The aim of a successful surgical peri-implantitis treatment is to resolve inflammation, decrease the bone defect, and limit peri-implant soft tissue recession [10,11,12]. The choice of surgical technique mostly depends on the defect morphology [10, 12, 20]. In the presence of horizontal bone loss, access flap or resective surgical techniques are indicated to sustain peri-implant tissue health and stable marginal bone levels. Reconstructive techniques for peri-implantitis treatment is indicated in 3-wall or circumferential defects with an intrabony component of 3 mm or more and an adequate keratinized mucosa around [11, 13]. Therefore, Class I and III peri-implantitis defects having at least 2 mm of keratinized tissue were included in the study.

During surgical treatment of peri-implantitis, implantoplasty has been suggested as an adjunctive measure to create a smooth surface to reduce biofilm accumulation [12]. Although this approach improved clinical and radiographic parameters significantly, it has also been associated with significant soft tissue recession, exposure of the implant surface, a limited esthetic outcome, and the implant corrosion [12, 21]. The anti-bacterial and anti-inflammatory effects of the chitosan brush have been shown in previous studies for the treatment of peri-mucositis and non-surgical peri-implantitis treatment [7, 8, 22]. However, no study has been conducted regarding the effectiveness of the chitosan brush in the surgical treatment of peri-implantitis for surface decontamination. Most of the previous studies that aimed to reconstruct the peri-implantitis defects used titanium curettes. The results of the present study are in line with those of previous studies reporting PD reductions around 3 mm and radiographic defect fill ranging between 1 and 5 mm within 1 year following the reconstructive peri-implantitis treatment [16, 17, 23, 24].

In a clinical study that used xenograft and collagen membrane in the surgical treatment of intra-bony peri-implant defects following the use of a rotary titanium brush, PD values reduced from 4.72 ± 1.02 to 3.18 ± 0.54 at 6-month follow-up [24]. In another study [25] that used a rotating titanium brush for decontamination, PD reduced by 2.92 ± 1.73 mm following deproteinized bovine bone mineral with 10% collagen application to defects at 1-year follow-up with improvements in BoP scores.

Previous studies have indicated that cone beam computed tomography (CBCT) has better sensitivity for fenestration and dehiscence defects but also has a tendency to underestimate or overestimate the size of defects compared to periapical radiographs.

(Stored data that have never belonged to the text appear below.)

(* Under the standing setting of the context, assume in addition $\beta\in(-2,0)$ and that $f$ is non-constant and does not depend on $\nabla\phi$. Let $\tau\in\mathfrak W_{<0}$. Then $\tau$ has at most one vertex $v$ with noise label $0$, and if such $v$ exists, it has exactly one outgoing edge $e$ whose derivative label $k$ satisfies $|k|_{\mathfrak s}=1$.
   Context: Standing setting. Integers $d\ge2$, $n\ge1$; $E$ a finite-dimensional real normed space; $\beta<0$. Scaling $\mathfrak s=(2,1,\dots,1)$, $|k|_{\mathfrak s}=2k_1+k_2+\dots+k_d$ for $k\in\mathbb N^d$; $\mathbb N^d_{<2}=\{k:|k|_{\mathfrak s}<2\}$. Jets: $\widehat{\mathcal J}=E^{\mathbb N^d}$, elements $\boldsymbol\phi=(\nabla^k\phi)_{k\in\mathbb N^d}$; $\mathcal J=E^{\mathbb N^d_{<2}}$, written $\boldsymbol\phi=(\phi,\nabla\phi)$; functions on $\mathcal J$ are viewed as functions on $\widehat{\mathcal J}$ depending on finitely many components. $P:\mathcal J\to E$ is a polynomial such that for some integer $p\ge2$ and linear $F:E^{\otimes p}\to E$, either $P(\boldsymbol\phi)=F(\phi^{\otimes p})$, or $q=(p-1)/2$ is an integer and $P(\boldsymbol\phi)=F(\phi^{\otimes p})+B(\nabla\phi\otimes\phi^{\otimes q})$ for a linear $B$; $\alpha=2/(p-1)$. $f=(f_1,\dots,f_n):\mathcal J\to L(\mathbb R^n,E)$ is smooth. Subcriticality: if $f$ is constant, $\beta>-\alpha-2$; if $f$ is non-constant but independent of $\nabla\phi$, $\beta>-2$; if $f$ depends on $\nabla\phi$, $\beta>-1$. Derivatives: for $\ell\in\mathbb N^d$, $D^\ell g$ is the derivative of $g$ in the $\ell$-th jet component; for a multiset $\mathbf k=\{k_1,\dots,k_r\}$ of elements of $\mathbb N^d$, $D^{\mathbf k}=D^{k_1}\cdots D^{k_r}$, $|\mathbf k|=r$, $|\mathbf k|_{\mathfrak s}=\sum|k_i|_{\mathfrak s}$. Trees: rooted trees with a polynomial label in $\mathbb N^d$ and a noise label in $\{0,\dots,n\}$ on each vertex and a derivative label in $\mathbb N^d$ on each edge, written uniquely (unordered product) as $\tau=X^k\Xi_j\prod_{i=1}^\ell\mathcal I^{k_i}[\tau_i]$: root with polynomial label $k$, noise label $j$, and $\ell$ edges with labels $k_i$ to the roots of subtrees $\tau_i$; $\Xi_0$ is also written $\mathbf 1$. Rules: $\mathfrak R_0=\{\mathbf k: D^{\mathbf k}P\ne0\}$; for $j\ge1$, $\mathfrak R_j=\emptyset$ if $f$ is constant, $\mathfrak R_j=\{\mathbf k:\text{all elements are }0\}$ if $f$ is non-constant and independent of $\nabla\phi$, $\mathfrak R_j=\{\mathbf k:|k|_{\mathfrak s}\le1\ \forall k\in\mathbf k\}$ if $f$ depends on $\nabla\phi$. $\tau$ is conforming if every $\tau_i$ is conforming and $\{k_1,\dots,k_\ell\}\in\mathfrak R_j$ (so every $X^k\Xi_j$ is conforming). Homogeneity: $|\Xi_j|_{\mathfrak s}=\beta$ ($j\ge1$), $|\mathbf 1|_{\mathfrak s}=0$, $|X^k\tau|_{\mathfrak s}=|k|_{\mathfrak s}+|\tau|_{\mathfrak s}$, $|\tau\sigma|_{\mathfrak s}=|\tau|_{\mathfrak s}+|\sigma|_{\mathfrak s}$, $|\mathcal I^k[\tau]|_{\mathfrak s}=|\tau|_{\mathfrak s}+2-|k|_{\mathfrak s}$. A leaf is a non-root vertex incident to exactly one edge; it is a polynomial leaf if its noise label is $0$. $\mathfrak W$ is the set of conforming trees with no polynomial leaves, and $\mathfrak W_{<0}=\{\tau\in\mathfrak W:-2<|\tau|_{\mathfrak s}<0\}$. An edge $\{v,w\}$ is outgoing from $v$ if $v$ lies on the path from $w$ to the root. *)

From HB Require Import structures.
From mathcomp Require Import all_boot all_order all_algebra.
From mathcomp Require Import all_classical all_reals.
From mathcomp Require Import topology normedtype derive.
From Stdlib Require List.

Set Implicit Arguments.
Unset Strict Implicit.
Unset Printing Implicit Defensive.

Import Order.TTheory GRing.Theory Num.Theory.
Import numFieldNormedType.Exports.
Local Open Scope ring_scope.

(* Coordinate 0 (of 'I_d) is the time direction (weight 2).           *)
Definition mi (d : nat) := {ffun 'I_d -> nat}.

Moreover, periapical radiographs revealed better specificity in detecting peri-implant bone defects compared to computed tomography [19]. It was concluded that periapical radiographs should be used as a favorable method for peri-implant bone loss evaluation. [24, 25].

Successful surgical peri-implantitis treatment is defined as PD values around implant ≤ 5 mm, without suppuration and BoP and radiographic defect fill ≥ 1.0 mm [10, 20]. In the literature, several factors have been listed to influence treatment success negatively. One of those factors is inadequate post-operative plaque control [11, 12, 15, 26]. In order to eliminate the negative effects of the dental biofilm accumulation, the included patients were screened at 1-, 3-, 6-, and 12-month follow-ups for supragingival professional prophylaxis. FMPS remained below 10% throughout the post-operative period, which may explain the significant reductions of BoP and lack of suppuration in the present study results in addition to treatment success.

Given its limitations, including a limited number of treated peri-implantitis defects and the absence of a control group due to its case series design, one should interpret the present study findings with caution. Moreover, longer follow-up periods may be beneficial to determine the precise impact of this treatment approach and to evaluate the long-term stabilization of the graft material.

In conclusion, reconstructive treatment of peri-implantitis with the use of xenograft + resorbabale collagen membrane combination together with the chitosan brush for surface decontamination provided significant improvements in clinical and radiographic parameters and may be an effective treatment protocol. However, randomized, controlled, clinical trials with proper sample size calculations are required to compare the efficacy of different treatment modalities on different implant surface characteristics. Furthermore, the reconstructive potential of different peri-implant bone defect morphologies should be investigated.